This is NTU's flagship library building and was named in recognition for a generous donation by the family of Lee Wee Nam. It houses the Engineering and Science collections and the library administration. This well photographed building has reading space to cater for both group discussion and learning as well as individual quiet reading. The window seats, in particular at Level 5, overlook the green campus surroundings and have an excellent view of Jurong West and even parts of the Straits of Johor. In 2021, a new wellness area for self-care and self-reflection on Level 5 was opened to library patrons.

== Business Library ==
This Library houses the core business collection of books and journals in the field of accounting, banking, business law, entrepreneurship, finance, hospitality management, international business, management, marketing and strategy. It also holds the main audio-visual collection comprising music CDs as well as VCD and DVD titles in all subject areas and genres. Ample workstations and media viewing rooms are provided for the listening and viewing pleasure of these audio-visuals. This Library is a popular place for many students as it has quiet spaces and individual study rooms as well as spaces for collaborative work distributed over four floors.

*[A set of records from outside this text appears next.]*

Section TwoCliquesJoinTwoVertices.
Variable m : nat.
Notation n := m.*2.+2.

Definition Gn_u : 'I_n := inord m.*2.
Definition Gn_v : 'I_n := inord m.*2.+1.

Definition Gn_swap (x : 'I_n) : 'I_n :=
  inord (if x < m then x + m else if x < m.*2 then x - m
         else if x == m.*2 :> nat then m.*2.+1 else m.*2).

Definition Gn_orient : rel 'I_n := fun x y =>
  [|| [&& x < m, y < m & y < x],
      [&& m <= x, x < m.*2, m <= y, y < m.*2 & y < x],
      (x == m.*2 :> nat) && (y < m),
      (x < m) && (y == m.*2.+1 :> nat),
      [&& x == m.*2.+1 :> nat, m <= y & y < m.*2] |
      [&& m <= x, x < m.*2 & y == m.*2 :> nat]].

Definition in_Q1 (x : 'I_n) := x < m.

Definition Gn_potential (x : 'I_n) : nat :=
  if x < m then x.+1 else if x == m.*2 :> nat then m.+1 else 0.

Lemma val_Gn_u : (Gn_u : nat) = m.*2. Proof. by rewrite inordK. Qed.
Lemma val_Gn_v : (Gn_v : nat) = m.*2.+1. Proof. by rewrite inordK. Qed.

Lemma val_Gn_swap x : (Gn_swap x : nat) =
  if x < m then x + m else if x < m.*2 then x - m
  else if x == m.*2 :> nat then m.*2.+1 else m.*2.
Proof. by rewrite inordK //; have := ltn_ord x; repeat case: ifP; lia. Qed.

Lemma Gn_swapK : involutive Gn_swap.
Proof.
move=> x; apply/val_inj => /=; rewrite !val_Gn_swap; have := ltn_ord x.
by repeat case: ifP; lia.
Qed.

Lemma Gn_orient_swap x y : Gn_orient (Gn_swap x) (Gn_swap y) = Gn_orient x y.
Proof.
rewrite /Gn_orient !val_Gn_swap; have := ltn_ord x; have := ltn_ord y.
by repeat case: ifP; move=> *; apply/idP/idP; lia.
Qed.

Lemma Gn_swap_u : Gn_swap Gn_u = Gn_v.
Proof.
by apply/val_inj => /=; rewrite val_Gn_swap val_Gn_u val_Gn_v; repeat case: ifP; lia.
Qed.

Lemma in_Q1_swap x : in_Q1 x -> ~~ in_Q1 (Gn_swap x).
Proof. by rewrite /in_Q1 val_Gn_swap; repeat case: ifP; lia. Qed.

Lemma Gn_u_notin_Q1 : ~~ in_Q1 Gn_u. Proof. by rewrite /in_Q1 val_Gn_u; lia. Qed.
Lemma Gn_v_notin_Q1 : ~~ in_Q1 Gn_v. Proof. by rewrite /in_Q1 val_Gn_v; lia. Qed.
Lemma Gn_u_neq_v : Gn_u != Gn_v. Proof. by rewrite -val_eqE /= val_Gn_u val_Gn_v; lia. Qed.

Lemma Gn_orient_side x y : Gn_orient x y ->
  side_arc in_Q1 Gn_u Gn_v x y || side_arc in_Q1 Gn_u Gn_v (Gn_swap x) (Gn_swap y).
Proof.
rewrite /side_arc /in_Q1 -!val_eqE /= !val_Gn_swap val_Gn_u val_Gn_v /Gn_orient.
by have := ltn_ord x; have := ltn_ord y; repeat case: ifP; move=> *; lia.
Qed.

Lemma Gn_potential_dec x y : Gn_orient x y -> side_arc in_Q1 Gn_u Gn_v x y ->
  Gn_potential y < Gn_potential x.
Proof.
rewrite /side_arc /in_Q1 -!val_eqE /= val_Gn_u val_Gn_v /Gn_orient /Gn_potential.
by have := ltn_ord x; have := ltn_ord y; repeat case: ifP; move=> *; lia.
Qed.

Lemma Gn_orient_even_neq_odd : num_even_eulerian Gn_orient <> num_odd_eulerian Gn_orient.
Proof.
exact: (num_even_neq_odd_eulerian Gn_swapK Gn_orient_swap Gn_swap_u in_Q1_swap
          Gn_u_notin_Q1 Gn_v_notin_Q1 Gn_u_neq_v Gn_orient_side Gn_potential_dec).
Qed.

Lemma Gn_partE (x : 'I_n) : Gn_part x = if x < m then 0 else if x < m.*2 then 1 else 2.
Proof. by rewrite /Gn_part (_ : (n - 2) %/ 2 = m) ?mul2n //; lia. Qed.

Lemma Gn_orientation : orientation (@Gn n) Gn_orient.
Proof.
split=> x y; rewrite /Gn !Gn_partE -val_eqE /=.
  rewrite /Gn_orient; have := ltn_ord x; have := ltn_ord y.
  by repeat case: ifP; move=> *; lia.
move=> gxy; have : Gn_orient x y || Gn_orient y x.
  move: gxy; rewrite /Gn_orient; have := ltn_ord x; have := ltn_ord y.
  by repeat case: ifP; move=> *; lia.
have : ~~ (Gn_orient x y && Gn_orient y x).
  rewrite /Gn_orient; have := ltn_ord x; have := ltn_ord y.
  by repeat case: ifP; move=> *; lia.
by case: (Gn_orient x y); case: (Gn_orient y x).
Qed.

Lemma Gn_orient_outdeg x : outdeg Gn_orient x < m.+1.
Proof.
rewrite /outdeg ltnS.
pose s := if x < m then m.*2.+1 :: iota 0 x
          else if x < m.*2 then m.*2 :: iota m (x - m)
          else if x == m.*2 :> nat then iota 0 m else iota m m.
apply: leq_trans (@card_le_size_val _ _ s _) _.
  move=> y; rewrite inE /Gn_orient /s; have := ltn_ord x; have := ltn_ord y.
  by repeat case: ifP; move=> *; rewrite ?in_cons ?mem_iota; lia.
by rewrite /s; have := ltn_ord x; repeat case: ifP; move=> *; rewrite /= ?size_iota; lia.
Qed.

Lemma Gn_uncolourable (c : 'I_n -> 'I_m) : exists x y, @Gn n x y /\ c x = c y.
Proof.
pose f (i : 'I_m.+1) : 'I_n := if i < m then inord i else Gn_u.
have val_f i : (f i : nat) = if i < m then (i : nat) else m.*2.
  by rewrite /f; case: ifP => lt_im; rewrite ?val_Gn_u // inordK //; lia.
apply: (@clique_uncolourable _ _ _ _ f) => // i j.
rewrite -val_eqE /Gn !Gn_partE -val_eqE /= !val_f.
by have := ltn_ord i; have := ltn_ord j; repeat case: ifP; move=> *; lia.
Qed.

End TwoCliquesJoinTwoVertices.

Theorem theorem2 (n : nat) :
  4 <= n -> ~~ odd n -> AT_number_is (@Gn n) (n %/ 2).
Proof.
move=> n_ge4 n_even.
have [m ->] : exists m, n = m.*2.+2 by exists n./2.-1; lia.
rewrite (_ : m.*2.+2 %/ 2 = m.+1); last by lia.
split.
  exists (@Gn_orient m); split; first exact: Gn_orientation.
  by split; [exact: Gn_orient_outdeg | exact: Gn_orient_even_neq_odd].
by move=> k /(AT_admissible_gt (@Gn_uncolourable m)).
Qed.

==Humanities and Social Sciences Library==
This interim library provides a collection relating to psychology, sociology, history, linguistics, literature, philosophy and public administration. It also provides printing services, conveniently located at the Reserves section.

==Chinese Library==
The Chinese Library houses resources in the Chinese language on Chinese literature, history, philosophy, religion, linguistics, politics, economy, sociology and management science. A small but welcoming area popular with users wishing to read Chinese language materials.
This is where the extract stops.